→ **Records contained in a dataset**
= Beginning of Section =

(* Consider, for $x\ge0$, the planar system $$\dot x=1,\qquad \dot y=-ay-\sin\!\left[\pi x\left(1+\tfrac12\lambda\right)\right],$$ with $\lambda=\operatorname{sign}(y)$ for $y\ne0$ and $\lambda\in(-1,1)$ on $y=0$. For all $a>0$ there exist solutions that start in $S_+=\{y>0\}$ and whose evolution is constrained to $\overline S_-=\{y\le0\}$ for all $x>x_{T_a}$, where $x_{T_a}$ denotes the smallest $x$ at which they hit the switching line $y=0$. Moreover, these solutions coincide with the periodic solution $y_d$ described below for $x\ge 4n$, for some $n\in\mathbb{N}$.
   Context: For $y>0$ the system is $\dot y=-ay-\sin(3\pi x/2)$ and for $y<0$ it is $\dot y=-ay-\sin(\pi x/2)$. The sliding manifold is $\Lambda^N=\{(x,0):x\in(\frac{2n}{3},2n),\ n\ge1\}$; a solution may remain on $y=0$ (with $\dot x=1$) over an interval only while on $\Lambda^N$. The function $y_d$ is the sliding $4$-periodic solution lying in $\{y\le0\}$ with $y_d(x)<0$ for $x\in(4n,4n+x_a)$ and $y_d(x)=0$ for $x\in\{0\}\cup[4n+x_a,4(n+1)]$, $n\in\mathbb{N}$, where $x_a\in(2,4)$ is the first positive return to $y=0$ of the solution of $\dot y=-ay-\sin(\pi x/2)$, $y(0)=0$. *)

From Stdlib Require Import Reals Lra.
From Coquelicot Require Import Coquelicot.
Open Scope R_scope.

= End of Section =

→ **Required work**
Exactly as shown above, return every record.

→ **Response area**
(* Consider, for $x\ge0$, the planar system $$\dot x=1,\qquad \dot y=-ay-\sin\!\left[\pi x\left(1+\tfrac12\lambda\right)\right],$$ with $\lambda=\operatorname{sign}(y)$ for $y\ne0$ and $\lambda\in(-1,1)$ on $y=0$. For all $a>0$ there exist solutions that start in $S_+=\{y>0\}$ and whose evolution is constrained to $\overline S_-=\{y\le0\}$ for all $x>x_{T_a}$, where $x_{T_a}$ denotes the smallest $x$ at which they hit the switching line $y=0$. Moreover, these solutions coincide with the periodic solution $y_d$ described below for $x\ge 4n$, for some $n\in\mathbb{N}$.
   Context: For $y>0$ the system is $\dot y=-ay-\sin(3\pi x/2)$ and for $y<0$ it is $\dot y=-ay-\sin(\pi x/2)$. The sliding manifold is $\Lambda^N=\{(x,0):x\in(\frac{2n}{3},2n),\ n\ge1\}$; a solution may remain on $y=0$ (with $\dot x=1$) over an interval only while on $\Lambda^N$. The function $y_d$ is the sliding $4$-periodic solution lying in $\{y\le0\}$ with $y_d(x)<0$ for $x\in(4n,4n+x_a)$ and $y_d(x)=0$ for $x\in\{0\}\cup[4n+x_a,4(n+1)]$, $n\in\mathbb{N}$, where $x_a\in(2,4)$ is the first positive return to $y=0$ of the solution of $\dot y=-ay-\sin(\pi x/2)$, $y(0)=0$. *)

From Stdlib Require Import Reals Lra.
From Coquelicot Require Import Coquelicot.
Open Scope R_scope.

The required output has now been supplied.